Als we naar deze ‘Schoonheid, die over haar schouder kijkt’ kijken, dan zien we een mooi voorbeeld van een afbeelding uit het ‘vlietende leven’. Het kleurrijke leven in de uitgaanswijken van Edo (later Tokyo). Afbeeldingen van toneelspelers en courtisanes waren zeer in trek. Een afbeelding als dit wordt wel een bijinga genoemd. Een bijinga is een portret van schone vrouwen en courtisanes.
Hishikawa had veel succes met zijn boekillustraties en ging daarop ontwerpen maken die een hele pagina vulden. Veel van zijn prenten zijn in de loop der tijd helaas verloren gegaan.
De thema’s die bij Hishikawa het meest voorkwamen waren:
shunga (erotische kunst)
yakusha-e (portretten van Kabuki-acteurs) en
bijinga (illustraties van mooie dames)

Taferelen van het Nakamura Kabuki theater – tussen 1684 en 1694
Eén van een paar vouwschermen (van zes panelen) , eveneens toegeschreven aan Hishikawa Moronobu – ukiyo-e



De theaterprent
De acteurs Nakamura Denkurō I en Bando Matakuro, in de rol van Yakko, die een speerdans uitvoert – Torii Kiyonobu
Tussen 1710 en 1715

Twee mannen die elk een speer vasthouden, dansen blootsvoets onder een gordijn waaraan takken van een bloeiende plant hangen.
Materiaal: houtsnede, penseel en rode inkt, penseel en gele inkt, penseel en bruine inkt op papier

Torii Kiyonobu, ook wel Shōbei genoemd (1664, Ōsaka - 1729, Edo [Tokyo]) was de stichter van de Torii-school. De enige Ukiyo-e school die tot op heden heeft overleefd.
Torii leerde schilderen van zijn vader, de acteur-schilder Kiyomoto, die ooit een vrouwelijke rol speelde in Ōsaka. Nadat het gezin in 1687 naar Edo (nu Tokio) was verhuisd, ging Torii affiches schilderen voor het Kabuki-theater. Hij illustreerde ook boeken in de Ukiyo-e stijl; maar met zijn contacten in de Kabuki-wereld begon hij talloze portretten van acteurs te ontwerpen, die als afdrukken moesten worden gereproduceerd. De nauwe associatie van de Torii-familie met het Kabuki-theater was ook de sleutel tot het voortbestaan ​​van de Torii-school.

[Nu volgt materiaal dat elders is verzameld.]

(* Let $h:\mathbb{R}\to[0,+\infty)$ be a continuous multiplicative function (i.e. $h(xy)=h(x)h(y)$ for all $x,y\in\mathbb{R}$) such that $h(t)\ge t$ for all $t$, $h(0)=0$ and $h(1)=1$. Let $f:[a,b]\to\mathbb{R}$ be $h$-mid-convex, i.e. $$f\Big(\frac{x+y}{2}\Big)\le h\Big(\frac12\Big)\big(f(x)+f(y)\big)\quad\text{for all } x,y\in[a,b],$$ and suppose there is $M\in\mathbb{R}$ with $f(x)\le M$ for all $x\in[a,b]$. Then $f$ is continuous. *)

From Stdlib Require Import Reals.
Open Scope R_scope.

Definition multiplicative (h : R -> R) : Prop :=
  forall x y : R, h (x * y) = h x * h y.

Definition h_midconvex (h : R -> R) (a b : R) (f : R -> R) : Prop :=
  forall x y : R, a <= x <= b -> a <= y <= b ->
    f ((x + y) / 2) <= h (1 / 2) * (f x + f y).

(** Since [h] is multiplicative with [h 1 = 1], [h 2 * h (1/2) = 1]; together with
    [h 2 >= 2] and [h (1/2) >= 1/2] this forces [h (1/2) = 1/2], so [f] is
    midpoint convex in the usual (Jensen) sense.  For such [f] bounded above by [M],
    an induction on [n] along the midpoints [x0 + u = (x0 + (x0 + 2u)) / 2] gives
    [f (x0 + u) - f x0 <= (M - f x0) / 2^n] whenever [|u| 2^n <= d] and
    [[x0 - d, x0 + d]] lies in [[a, b]]; midpoint convexity at [x0 = ((x0 + u) + (x0 - u)) / 2]
    turns this upper bound at [-u] into the matching lower bound at [u]
    (Bernstein-Doetsch). *)
From Stdlib Require Import Reals Lra.
Open Scope R_scope.

Lemma Rabs_le_inv (x y : R) : Rabs x <= y -> - y <= x <= y.
Proof.
  intros x_le. pose proof (Rle_abs x). pose proof (Rle_abs (- x)).
  rewrite Rabs_Ropp in *. lra.
Qed.

Lemma multiplicative_half (h : R -> R) :
  multiplicative h -> h 1 = 1 -> (forall t : R, t <= h t) -> h (1 / 2) = / 2.
Proof.
  intros h_mul h1 h_ge.
  assert (h2_half : h 2 * h (1 / 2) = 1).
  { rewrite <- h_mul. replace (2 * (1 / 2)) with 1 by field. exact h1. }
  pose proof (h_ge 2). pose proof (h_ge (1 / 2)). nra.
Qed.

Lemma continuity_pt_of_dyadic_control (f : R -> R) (x0 K : R) :
  (forall n : nat, exists delta : R, 0 < delta /\
     forall x : R, Rabs (x - x0) < delta -> 2 ^ n * Rabs (f x - f x0) <= K) ->
  continuity_pt f x0.
Proof.
  intros control eps eps_pos.
  destruct (Pow_x_infinity 2 ltac:(rewrite Rabs_right; lra) (K / eps + 1))
    as [n pow_large].
  specialize (pow_large n (Nat.le_refl n)).
  rewrite Rabs_right in pow_large by (apply Rle_ge, pow_le; lra).
  assert (K_lt : K < 2 ^ n * eps).
  { assert (K / eps * eps = K) by (field; lra). nra. }
  destruct (control n) as [delta [delta_pos close]].
  exists delta; split; [exact delta_pos|].
  intros x [_ x_near]. simpl in *. unfold R_dist in *.
  specialize (close x x_near).
  pose proof (pow_lt 2 n ltac:(lra)).
  nra.
Qed.

Section MidconvexBoundedAbove.

Variables (f : R -> R) (a b M : R).

Hypothesis f_midconvex : forall x y : R, a <= x <= b -> a <= y <= b ->
  f ((x + y) / 2) <= (f x + f y) / 2.

Hypothesis f_le_M : forall x : R, a <= x <= b -> f x <= M.

Lemma midconvex_le_dyadic (x0 d : R) (n : nat) (u : R) :
  a <= x0 - d -> x0 + d <= b -> Rabs u * 2 ^ n <= d ->
  2 ^ n * (f (x0 + u) - f x0) <= M - f x0.
Proof.
  intros a_le b_ge.
  revert u; induction n as [|n IH]; intros u u_small; simpl pow in *.
  - rewrite Rmult_1_r in u_small.
    assert (a <= x0 + u <= b) by (apply Rabs_le_inv in u_small; lra).
    pose proof (f_le_M (x0 + u) ltac:(assumption)). lra.
  - pose proof (pow_le 2 n ltac:(lra)) as pow_nonneg.
    pose proof (pow_R1_Rle 2 n ltac:(lra)) as pow_ge1.
    assert (Rabs (2 * u) * 2 ^ n <= d) as u2_small
      by (rewrite Rabs_mult, (Rabs_right 2) by lra; lra).
    assert (Rabs (2 * u) <= d) as u2_le by (pose proof (Rabs_pos (2 * u)); nra).
    apply Rabs_le_inv in u2_le.
    pose proof (f_midconvex x0 (x0 + 2 * u) ltac:(lra) ltac:(lra)) as mid.
    replace ((x0 + (x0 + 2 * u)) / 2) with (x0 + u) in mid by field.
    specialize (IH (2 * u) u2_small).
    nra.
Qed.

Lemma midconvex_reflect (x0 u : R) :
  a <= x0 + u <= b -> a <= x0 - u <= b ->
  f x0 - f (x0 - u) <= f (x0 + u) - f x0.
Proof.
  intros plus_in minus_in.
  pose proof (f_midconvex _ _ plus_in minus_in) as mid.
  replace ((x0 + u + (x0 - u)) / 2) with x0 in mid by field.
  lra.
Qed.

Lemma midconvex_dev_dyadic (x0 d : R) (n : nat) (u : R) :
  a <= x0 - d -> x0 + d <= b -> Rabs u * 2 ^ n <= d ->
  2 ^ n * Rabs (f (x0 + u) - f x0) <= M - f x0.
Proof.
  intros a_le b_ge u_small.
  pose proof (pow_R1_Rle 2 n ltac:(lra)) as pow_ge1.
  assert (Rabs u <= d) as u_le by (pose proof (Rabs_pos u); nra).
  apply Rabs_le_inv in u_le.
  pose proof (midconvex_le_dyadic x0 d n u a_le b_ge u_small) as upper.
  pose proof (midconvex_le_dyadic x0 d n (- u) a_le b_ge
                ltac:(rewrite Rabs_Ropp; exact u_small)) as upper_opp.
  replace (x0 + - u) with (x0 - u) in upper_opp by ring.
  pose proof (midconvex_reflect x0 u ltac:(lra) ltac:(lra)) as reflect.
  unfold Rabs; destruct Rcase_abs; nra.
Qed.

Lemma midconvex_bounded_above_continuity_pt (x0 : R) :
  a < x0 < b -> continuity_pt f x0.
Proof.
  intros x0_in.
  set (d := Rmin (x0 - a) (b - x0)).
  assert (0 < d) by (apply Rmin_glb_lt; lra).
  assert (a <= x0 - d) by (pose proof (Rmin_l (x0 - a) (b - x0)); unfold d; lra).
  assert (x0 + d <= b) by (pose proof (Rmin_r (x0 - a) (b - x0)); unfold d; lra).
  apply (continuity_pt_of_dyadic_control f x0 (M - f x0)).
  intros n.
  pose proof (pow_lt 2 n ltac:(lra)) as pow_pos.
  exists (d / 2 ^ n); split; [apply Rdiv_lt_0_compat; lra|].
  intros x x_near.
  replace x with (x0 + (x - x0)) by ring.
  apply (midconvex_dev_dyadic x0 d); [assumption|assumption|].
  assert (d / 2 ^ n * 2 ^ n = d) by (field; lra).
  nra.
Qed.

End MidconvexBoundedAbove.

Theorem lemma3p1 (h : R -> R) (a b M : R) (f : R -> R) :
  continuity h ->
  (forall t : R, 0 <= h t) ->
  multiplicative h ->
  (forall t : R, t <= h t) ->
  h 0 = 0 -> h 1 = 1 ->
  h_midconvex h a b f ->
  (forall x : R, a <= x <= b -> f x <= M) ->
  forall x : R, a < x < b -> continuity_pt f x.
Proof.
  intros _ _ h_mul h_ge _ h1 f_hmid f_le_M.
  apply (midconvex_bounded_above_continuity_pt f a b M); [|exact f_le_M].
  intros x y x_in y_in.
  pose proof (f_hmid x y x_in y_in) as mid.
  rewrite (multiplicative_half h h_mul h1 h_ge) in mid.
  lra.
Qed.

Torii blonk o.a. uit in het tekenen van portretten van de schoonheden van zijn tijd in een realistische, maar sierlijke stijl.
Shōgi gachō ("Album van Courtisanes") en de tweedelige Fūryū shihō byōbu ("Portretten van Beroemde Acteurs"), beide gedrukt in 1700, zijn zijn representatieve werken.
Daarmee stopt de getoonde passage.